You will be designing classes Parcel and Truck , so we make these exceptions:
You will be designing the attributes for these classes Parcel and Truck , and are allowed to make some or all of them public. Use your judgment.
You may add public methods to Parcel and Truck .
You may:
remove unused imports from the Typing module. (We have included those that we think you might want to use in DistanceMape , Parcel and Truck .)
create new private helper methods for the classes you have been given.
if you do create new private methods, you must provide type annotations for every parameter and return value. You must also write a full docstring for such methods,
as described in the Function Design Recipe.
create new private attributes for the classes you have been given.
if you do create new private attributes you must give them a type annotation and include a description of them in the class’s docstring as described in the Class Design
Recipe.
Exception: In class PriorityQueue we have defined all the attributes needed. Do not define any new attributes, even private.
You may assume that all arguments passed to a method or function will satisfy its preconditions.
All code that you write should follow the Function Design Recipe and the Class Design Recipe.
Introduction
Consider what happens when a delivery company like FedEx or Purolator receives a plane load of parcels at Pearson Airport to be delivered by truck to cities all over
southern Ontario. They have to schedule the parcels for delivery by assigning parcels to trucks and determining the route each truck will take to make its deliveries.

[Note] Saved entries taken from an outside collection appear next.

(* (i) If $\alpha\le\frac12$, then $\theta(y;\alpha,\lambda)=1$ for all $y\ge0$ and all $\lambda>0$. (ii) If $\alpha>\frac12$, then $\theta(y;\alpha,\lambda)<1$ for all $y\ge0$ and all $\lambda>0$.
   Context: For a countable set $P\subseteq\mathbb R\times[0,\infty)$, $\Gamma(P)$ denotes the graph on vertex set $P$ in which distinct points $(x,y),(x',y')$ are adjacent iff $|x-x'|<e^{\frac12(y+y')}$. For $\alpha,\lambda>0$, $\mathcal P_{\alpha,\lambda}$ is a Poisson point process on $\mathbb R\times[0,\infty)$ with intensity function $\lambda e^{-\alpha y}$. For $y\ge 0$, $\theta(y;\alpha,\lambda)$ is the probability that $\Gamma(\{(0,y)\}\cup\mathcal P_{\alpha,\lambda})$ contains an infinite connected component containing $(0,y)$. *)

From HB Require Import structures.
From mathcomp Require Import all_boot all_order all_algebra.
From mathcomp Require Import all_classical all_reals all_analysis.
Set Implicit Arguments. Unset Strict Implicit. Unset Printing Implicit Defensive.
Import Order.TTheory GRing.Theory Num.Theory.
Import numFieldNormedType.Exports.
Local Open Scope classical_set_scope.
Local Open Scope ring_scope.

Section Defs.
Variable R : realType.

Definition halfplane : set (R * R) := [set p | 0 <= p.2].

Definition hadj (p q : R * R) : Prop :=
  p <> q /\ `|p.1 - q.1| < expR ((p.2 + q.2) / 2).

Definition reachable (V : set (R * R)) (p q : R * R) : Prop :=
  exists s : seq (R * R),
    [/\ p \in V, (forall z, z \in s -> z \in V),
        path (fun a b => `[< hadj a b >]) p s & last p s = q].

Definition component (V : set (R * R)) (p : R * R) : set (R * R) :=
  [set q | reachable V p q].

Definition percolates (y : R) (P : set (R * R)) : Prop :=
  infinite_set (component ([set (0, y)] `|` P) (0, y)).

Definition intensity (alpha lambda : R) (B : set (R * R)) : \bar R :=
  (\int[(@lebesgue_measure R \x @lebesgue_measure R)%E]_(p in B)
      (lambda * expR (- (alpha * p.2)))%:E)%E.

Definition bounded_set2 (B : set (R * R)) : Prop :=
  exists r : R, forall p, B p -> `|p.1| <= r /\ `|p.2| <= r.

Definition count_eq (X B : set (R * R)) (k : nat) : Prop :=
  exists s : seq (R * R), [/\ uniq s, size s = k & X `&` B = [set z | z \in s]].

Definition poisson_pmf (mu : R) (k : nat) : R := expR (- mu) * mu ^+ k / (k`!)%:R.

Definition is_PPP d (Omega : measurableType d) (P : probability Omega R)
    (alpha lambda : R) (X : Omega -> set (R * R)) : Prop :=
  (forall w, X w `<=` halfplane) /\
  (forall (B : set (R * R)) (k : nat), measurable B -> B `<=` halfplane ->
      bounded_set2 B -> measurable [set w | count_eq (X w) B k]) /\
  (forall (n : nat) (B : 'I_n -> set (R * R)) (k : 'I_n -> nat),
      (forall i, measurable (B i)) -> (forall i, B i `<=` halfplane) ->
      (forall i, bounded_set2 (B i)) ->
      (forall i j, i != j -> B i `&` B j = set0) ->
      P (\bigcap_(i in [set: 'I_n]) [set w | count_eq (X w) (B i) (k i)]) =
      (\prod_(i < n) poisson_pmf (fine (intensity alpha lambda (B i))) (k i))%:E).
Lemma cycle_dist_shift_farther s x y zp zm : x < N -> y < N -> zp < N -> zm < N ->
  cycle_shift N s y zp -> cycle_shift N s zm y -> (cycle_dist N x y + s).*2 <= N ->
  cycle_dist N x zp = cycle_dist N x y + s \/ cycle_dist N x zm = cycle_dist N x y + s.
Proof.
move=> xN yN zpN zmN zpE zmE sc; have [d1 d1E c1E] := cycle_distP xN yN.
have [d2 d2E c2E] := cycle_distP xN zpN; have [d3 d3E c3E] := cycle_distP xN zmN.
move: zpE zmE sc c1E c2E c3E; rewrite /cycle_shift.
move: (cycle_dist N x y) (cycle_dist N x zp) (cycle_dist N x zm) => c1 c2 c3; lia.
Qed.

End CycleDist.

Lemma cycle_dist_lt_half n x y : x < n.*2 -> y < n.*2 -> odd (x + y) != odd n ->
  cycle_dist n.*2 x y < n.
Proof. rewrite /cycle_dist /diffn; lia. Qed.

Lemma cycle_shift_mod N s x : x < N -> s <= N -> cycle_shift N s x ((x + s) %% N).
Proof.
move=> xN sN; case: (ltnP (x + s) N) => [lt|ge]; first by left; rewrite modn_small.
by right; rewrite -{1}(subnK ge) modnDr modn_small; lia.
Qed.

Lemma cycle_shift_succ n i : i < n -> cycle_shift n 1 i (i.+1 %% n).
Proof. by move=> lt_i; rewrite -[i.+1]addn1; apply: cycle_shift_mod; lia. Qed.

(** * The convex polytope S_n *)

Lemma leq_half n : n./2 <= n.
Proof. lia. Qed.

Notation rA := (@Ordinal 4 0 isT).
Notation rB := (@Ordinal 4 1 isT).
Notation rC := (@Ordinal 4 2 isT).
Notation rD := (@Ordinal 4 3 isT).

Lemma ring_cases (k : 'I_4) : [\/ k = rA, k = rB, k = rC | k = rD].
Proof.
by case: k => [[|[|[|[|//]]]] k4]; [constructor 1|constructor 2|constructor 3|constructor 4];
  apply: val_inj.
Qed.

Definition height (k : 'I_4) : nat := match nat_of_ord k with 0 => 1 | 1 => 2 | 2 => 4 | _ => 6 end.

Lemma heightE : (height rA = 1) * (height rB = 2) * (height rC = 4) * (height rD = 6).
Proof. by []. Qed.

Lemma height_inj : injective height.
Proof. by move=> k l; case: (ring_cases k) => ->; case: (ring_cases l) => ->. Qed.

Lemma height_cases k : height k = 1 \/ height k = 2 \/ height k = 4 \/ height k = 6.
Proof. by case: (ring_cases k) => ->; rewrite heightE; lia. Qed.

Lemma odd_height k : odd (height k) = (val k == 0).
Proof. by case: (ring_cases k) => ->. Qed.

Section ConvexPolytopeSn.
Variable n : nat.
Hypothesis n_ge3 : 3 <= n.
Local Notation V := (Sn_vert n).
Local Notation adj := (@Sn_adj n).

(* Put a_i at the point 2i and b_i, c_i, d_i at the point 2i+1 of a cycle of
   length 2n, and give the rings a, b, c, d the heights 1, 2, 4, 6.  Twice the
   graph distance is then the height difference plus the circular distance. *)
Definition angle (u : V) : nat := (val u.2).*2 + (val u.1 != 0).
Definition height_dist (u v : V) : nat := diffn (height u.1) (height v.1).
Definition angular_dist (u v : V) : nat := cycle_dist n.*2 (angle u) (angle v).
Definition dist2 (u v : V) : nat := height_dist u v + angular_dist u v.

Lemma angle_lt u : angle u < n.*2.
Proof. by case: u => k [i lt_i]; rewrite /angle /=; case: (_ != _); lia. Qed.

Lemma odd_angle u : odd (angle u) = (val u.1 != 0).
Proof. by rewrite /angle oddD odd_double; case: (_ != _). Qed.

Lemma dist2_refl u : dist2 u u = 0.
Proof. rewrite /dist2 /height_dist /angular_dist /cycle_dist /diffn; lia. Qed.

Lemma dist2_sym u v : dist2 u v = dist2 v u.
Proof. rewrite /dist2 /height_dist /angular_dist cycle_dist_sym /diffn; lia. Qed.

Lemma dist2_triangle u v w : dist2 u v <= dist2 u w + dist2 w v.
Proof.
have := cycle_dist_triangle (angle_lt u) (angle_lt w) (angle_lt v).
rewrite /dist2 /height_dist /angular_dist /diffn; lia.
Qed.

Lemma dist2_le_height u v : dist2 u v <= height_dist u v + n.
Proof. by rewrite /dist2 leq_add2l -leq_double; apply: cycle_dist_le_half. Qed.

Lemma dist2_lt_height u v :
  odd (angle u + angle v) != odd n -> dist2 u v < height_dist u v + n.
Proof. by move=> uv; rewrite /dist2 ltn_add2l; apply: cycle_dist_lt_half; rewrite ?angle_lt. Qed.

Lemma dist2_le u v : dist2 u v <= 5 + n.
Proof.
apply: leq_trans (dist2_le_height u v) _; rewrite leq_add2r /height_dist.
by case: (ring_cases u.1) => ->; case: (ring_cases v.1) => ->.
Qed.

Lemma dist2_even u v : ~~ odd (dist2 u v).
Proof.
rewrite /dist2 /height_dist /angular_dist oddD odd_diffn odd_cycle_dist ?angle_lt ?odd_double //.
by rewrite oddD [odd (angle u + _)]oddD !odd_height !odd_angle; case: (_ == 0); case: (_ == 0).
Qed.

Lemma Sn_adj_sym : symmetric adj.
Proof. by move=> u v; rewrite /Sn_adj orbC. Qed.

Lemma dist2_edge0 w v : Sn_edge0 w v -> dist2 w v <= 2.
Proof.
case: w v => [k i] [l j]; have := ltn_ord i; have := ltn_ord j.
have := cycle_shift_succ (ltn_ord i); have := cycle_shift_succ (ltn_ord j).
rewrite /Sn_edge0 /dist2 /height_dist /angular_dist /angle /cycle_dist /diffn /cycle_shift /=.
move: (i.+1 %% n) (j.+1 %% n) => si sj.
by case: (ring_cases k) => ->; case: (ring_cases l) => -> /=; rewrite /height -?val_eqE /=; lia.
Qed.

Lemma dist2_edge w v : adj w v -> dist2 w v <= 2.
Proof. by case/orP => /dist2_edge0; rewrite // dist2_sym. Qed.

Lemma adj_ordS k j : adj (k, ordS j) (k, j).
Proof. by rewrite /Sn_adj /Sn_edge0 !eqxx /= ?eqxx ?orbT. Qed.

Lemma adj_ord_pred k j : adj (k, ord_pred j) (k, j).
Proof. by rewrite Sn_adj_sym -{1}(ord_predK j) adj_ordS. Qed.

Lemma adj_spoke k l j : val l = (val k).+1 -> adj (k, j) (l, j).
Proof. by move=> lk; rewrite /Sn_adj /Sn_edge0 lk !eqxx /= !orbT. Qed.

Lemma adj_BA j : adj (rB, j) (rA, ordS j).
Proof. by rewrite /Sn_adj /Sn_edge0 /= eqxx. Qed.

Lemma angle_ordS k j : cycle_shift n.*2 2 (angle (k, j)) (angle (k, ordS j)).
Proof.
have := cycle_shift_succ (ltn_ord j); rewrite /angle /cycle_shift /=.
by move: (_ %% n) => sj; lia.
Qed.

Lemma angle_ord_pred k j : cycle_shift n.*2 2 (angle (k, ord_pred j)) (angle (k, j)).
Proof. by rewrite -{2}(ord_predK j); exact: angle_ordS. Qed.

Lemma angle_spoke k l j : val k != 0 -> val l != 0 -> angle (k, j) = angle (l, j).
Proof. by rewrite /angle /= => /negbTE-> /negbTE->. Qed.

Lemma angle_AB j : angle (rB, j) = (angle (rA, j)).+1.
Proof. by rewrite /angle /= addn0 addn1. Qed.

Lemma angle_BA j : cycle_shift n.*2 1 (angle (rB, j)) (angle (rA, ordS j)).
Proof.
have := cycle_shift_succ (ltn_ord j); rewrite /angle /cycle_shift /=.
by move: (_ %% n) => sj; lia.
Qed.

Lemma rim_neighbors x : val x.1 <= 1 -> exists zp zm : V,
  [/\ adj zp x, adj zm x, cycle_shift n.*2 1 (angle x) (angle zp),
      cycle_shift n.*2 1 (angle zm) (angle x)
    & height zp.1 + height x.1 = 3 /\ height zm.1 + height x.1 = 3].
Proof.
case: x => k j; case: (ring_cases k) => -> //= _.
  exists (rB, j), (rB, ord_pred j); split=> //.
  - by rewrite Sn_adj_sym adj_spoke.
  - by rewrite -{2}(ord_predK j) adj_BA.
  - by left; rewrite angle_AB addn1.
  - by rewrite -{2}(ord_predK j); exact: angle_BA.
exists (rA, ordS j), (rA, j); split=> //.
- by rewrite Sn_adj_sym adj_BA.
- exact: adj_spoke.
- exact: angle_BA.
- by left; rewrite angle_AB addn1.
Qed.

Lemma ring_neighbors x : exists zp zm : V,
  [/\ adj zp x, adj zm x, cycle_shift n.*2 2 (angle x) (angle zp),
      cycle_shift n.*2 2 (angle zm) (angle x) & zp.1 = x.1 /\ zm.1 = x.1].
Proof.
case: x => k j; exists (k, ordS j), (k, ord_pred j).
by split; [exact: adj_ordS|exact: adj_ord_pred|exact: angle_ordS|exact: angle_ord_pred|].
Qed.

Lemma rim_step_closer u x : val x.1 <= 1 -> 0 < angular_dist u x -> exists2 z, adj z x &
  height z.1 + height x.1 = 3 /\ (angular_dist u z).+1 = angular_dist u x.
Proof.
move=> /rim_neighbors[zp [zm [adj_p adj_m shift_p shift_m [hp hm]]]] ux.
have le_1n : 1.*2 <= n.*2 by lia.
have [d|d] := cycle_dist_shift_closer (angle_lt u) (angle_lt x) (angle_lt zp)
  (angle_lt zm) le_1n shift_p shift_m ux.
  by exists zp => //; split=> //; rewrite /angular_dist; lia.
by exists zm => //; split=> //; rewrite /angular_dist; lia.
Qed.

Lemma rim_step_farther u x : val x.1 <= 1 -> angular_dist u x < n -> exists2 z, adj z x &
  height z.1 + height x.1 = 3 /\ angular_dist u z = (angular_dist u x).+1.
Proof.
move=> /rim_neighbors[zp [zm [adj_p adj_m shift_p shift_m [hp hm]]]] ux.
have ux2 : (angular_dist u x + 1).*2 <= n.*2 by lia.
have [d|d] := cycle_dist_shift_farther (angle_lt u) (angle_lt x) (angle_lt zp)
  (angle_lt zm) shift_p shift_m ux2.
  by exists zp => //; split=> //; rewrite /angular_dist; lia.
by exists zm => //; split=> //; rewrite /angular_dist; lia.
Qed.

Lemma ring_step_closer u x : 2 <= angular_dist u x -> exists2 z, adj z x &
  z.1 = x.1 /\ angular_dist u z + 2 = angular_dist u x.
Proof.
have [zp [zm [adj_p adj_m shift_p shift_m [hp hm]]]] := ring_neighbors x.
move=> ux; have le_2n : 2.*2 <= n.*2 by lia.
have [d|d] := cycle_dist_shift_closer (angle_lt u) (angle_lt x) (angle_lt zp)
  (angle_lt zm) le_2n shift_p shift_m ux.
  by exists zp.
by exists zm.
Qed.

Lemma angular_dist_gt0 u v : (val u.1 == 0) != (val v.1 == 0) -> 0 < angular_dist u v.
Proof.
move=> uv; apply: cycle_dist_gt0; rewrite ?angle_lt //.
apply: contra uv => /eqP/(congr1 odd); rewrite !odd_angle.
by case: (_ == 0); case: (_ == 0).
Qed.

Lemma angular_dist_ge2 u v : u.1 = v.1 -> u != v -> 2 <= angular_dist u v.
Proof.
case: u v => [k i] [l j] /= <-; rewrite xpair_eqE eqxx /= -val_eqE /= => ij.
have := ltn_ord i; have := ltn_ord j.
by rewrite /angular_dist /angle /cycle_dist /diffn /=; case: (_ != _); lia.
Qed.

Lemma angular_dist_spoke u j k l : val k != 0 -> val l != 0 ->
  angular_dist u (k, j) = angular_dist u (l, j).
Proof. by move=> k0 l0; rewrite /angular_dist (angle_spoke j k0 l0). Qed.

Lemma dist2_pred u v : v != u -> exists2 w, adj w v & dist2 u w + 2 = dist2 u v.
Proof.
case: u => k i; case: v => l j vu; rewrite /dist2 /height_dist /diffn /=.
have := height_cases k.
case: (ltngtP (height k) (height l)) => [kl|lk|/height_inj kl].
- case: (ring_cases l) kl vu => -> kl vu hk; rewrite ?heightE in kl *; first lia.
  + have kA : k = rA by apply: height_inj; rewrite !heightE; lia.
    have [|z adj_z [hz dz]] := @rim_step_closer (k, i) (rB, j) isT.
      by apply: angular_dist_gt0; rewrite kA.
    by exists z => //; move: hz; rewrite -dz kA /= !heightE; lia.
  + exists (rB, j); first exact: adj_spoke.
    by rewrite (@angular_dist_spoke _ j rB rC) //= !heightE; lia.
  + exists (rC, j); first exact: adj_spoke.
    by rewrite (@angular_dist_spoke _ j rC rD) //= !heightE; lia.
- case: (ring_cases l) lk vu => -> lk vu hk; rewrite ?heightE in lk *; last lia.
  + have [|z adj_z [hz dz]] := @rim_step_closer (k, i) (rA, j) isT.
      by apply: angular_dist_gt0; case: (ring_cases k) lk => ->; rewrite ?heightE.
    by exists z => //; move: hz; rewrite -dz /= !heightE; lia.
  + exists (rC, j); first by rewrite Sn_adj_sym adj_spoke.
    by rewrite (@angular_dist_spoke _ j rC rB) //= !heightE; lia.
  + exists (rD, j); first by rewrite Sn_adj_sym adj_spoke.
    by rewrite (@angular_dist_spoke _ j rD rC) //= !heightE; lia.
- have [|z adj_z [zl dz]] := @ring_step_closer (k, i) (l, j).
    by apply: angular_dist_ge2; rewrite // eq_sym.
  by exists z => //; rewrite -dz zl /= -kl; lia.
Qed.

Lemma card_Sn_vert : #|V| = 4 * n.
Proof. by rewrite card_prod !card_ord. Qed.

Lemma gdist_Sn u v : (gdist adj u v).*2 = dist2 u v.
Proof.
rewrite (@gdist_potential _ _ u (fun w => (dist2 u w)./2)).
- by have := dist2_even u v; lia.
- by rewrite dist2_refl.
- move=> w z /dist2_edge; have := dist2_triangle u w z; lia.
- move=> w /dist2_pred[z adj_z dz]; exists z => //; lia.
- by rewrite card_Sn_vert; have := dist2_le u v; lia.
Qed.

Lemma leq_gdist_Sn u v u' v' : (gdist adj u v <= gdist adj u' v') = (dist2 u v <= dist2 u' v').
Proof. by rewrite -leq_double !gdist_Sn. Qed.

Lemma Sn_metric : metric_graph adj.
Proof.
have gdistE u v : gdist adj u v = (dist2 u v)./2 by rewrite -gdist_Sn doubleK.
split=> [|u|u v|u v w /dist2_edge|u v /dist2_pred[w adj_w dw]]; rewrite ?gdistE.
- exact: Sn_adj_sym.
- by rewrite dist2_refl.
- by rewrite dist2_sym.
- by have := dist2_triangle u v w; lia.
- by exists w; rewrite // !gdistE; lia.
Qed.

Local Notation mmd := (mutually_maximally_distant adj).

Lemma mmd_Sn x y : x != y -> (forall z, adj z y -> dist2 x z <= dist2 x y) ->
  (forall z, adj z x -> dist2 y z <= dist2 x y) -> mmd x y.
Proof.
by move=> xy far_y far_x; split=> // z adj_z; rewrite leq_gdist_Sn; [apply: far_y|apply: far_x].
Qed.

Lemma not_mmd_Sn p q z : adj z q -> dist2 p q < dist2 p z -> ~ mmd p q.
Proof. by move=> adj_zq; rewrite ltnNge -leq_gdist_Sn => /negP far [_ /(_ z adj_zq)]. Qed.

Lemma not_mmd_up p q : 1 <= val q.1 <= 2 -> height p.1 <= height q.1 -> ~ mmd p q.
Proof.
case: p => k i; case: q => l j /=; case: (ring_cases l) => -> //= _; rewrite heightE => hk.
  apply: (@not_mmd_Sn _ _ (rC, j)); first by rewrite Sn_adj_sym adj_spoke.
  by rewrite /dist2 (@angular_dist_spoke _ j rC rB) // /height_dist /diffn /= !heightE; lia.
apply: (@not_mmd_Sn _ _ (rD, j)); first by rewrite Sn_adj_sym adj_spoke.
by rewrite /dist2 (@angular_dist_spoke _ j rD rC) // /height_dist /diffn /= !heightE; lia.
Qed.

Lemma not_mmd_down p q : 2 <= val p.1 -> height p.1 <= height q.1 -> ~ mmd p q.
Proof.
case: p => k i; case: q => l j /=; case: (ring_cases k) => -> //= _.
  rewrite heightE => hl /(mmd_sym Sn_metric); apply: (@not_mmd_Sn _ _ (rB, i)).
    exact: adj_spoke.
  by rewrite /dist2 (@angular_dist_spoke _ i rB rC) // /height_dist /diffn /= !heightE; lia.
rewrite heightE => hl /(mmd_sym Sn_metric); apply: (@not_mmd_Sn _ _ (rC, i)).
  exact: adj_spoke.
by rewrite /dist2 (@angular_dist_spoke _ i rC rD) // /height_dist /diffn /= !heightE; lia.
Qed.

Depending on how well these decisions are made, trucks may be well-packed and have short, efficient routes, or trucks may not be fully filled and may have to travel
unnecessary distances.
For this assignment, you will write code to try out different algorithms to perform parcel scheduling and compare their performance.
2021/2/21 Assignment 1: CSC148H1 S (All Sections) 20211:Introduction to Computer Science
https://q.utoronto.ca/courses… 2/5
Problem description
Be sure to read through this section carefully. Your Python code must accurately model all of the details described here.
The parcel delivery domain
Each parcel has a source and a destination, which are the name of the city the parcel came from and the name of the city where it must be delivered to, respectively. Each
parcel also has a volume, which is a positive integer, measured in units of cubic centimetres (cc).
Each truck can store multiple parcels, but has a volume capacity, which is also a positive integer and is in units of cc. The sum of the volumes of the parcels on a truck cannot
exceed its volume capacity. Each truck also has a route, which is an ordered list of city names that it is scheduled to travel through.
Each parcel has a unique ID, that is, no two parcels can have the same ID. Each truck also has a unique ID, that is, no two trucks can have the same ID.
Depot
There is a special city that all parcels and trucks start from, and all trucks return to at the end of their route. We’ll refer to this city as the depot. (You can imagine all parcels
have been shipped from their source city to the depot.) Our algorithms will schedule delivery of parcels from the depot to their destinations.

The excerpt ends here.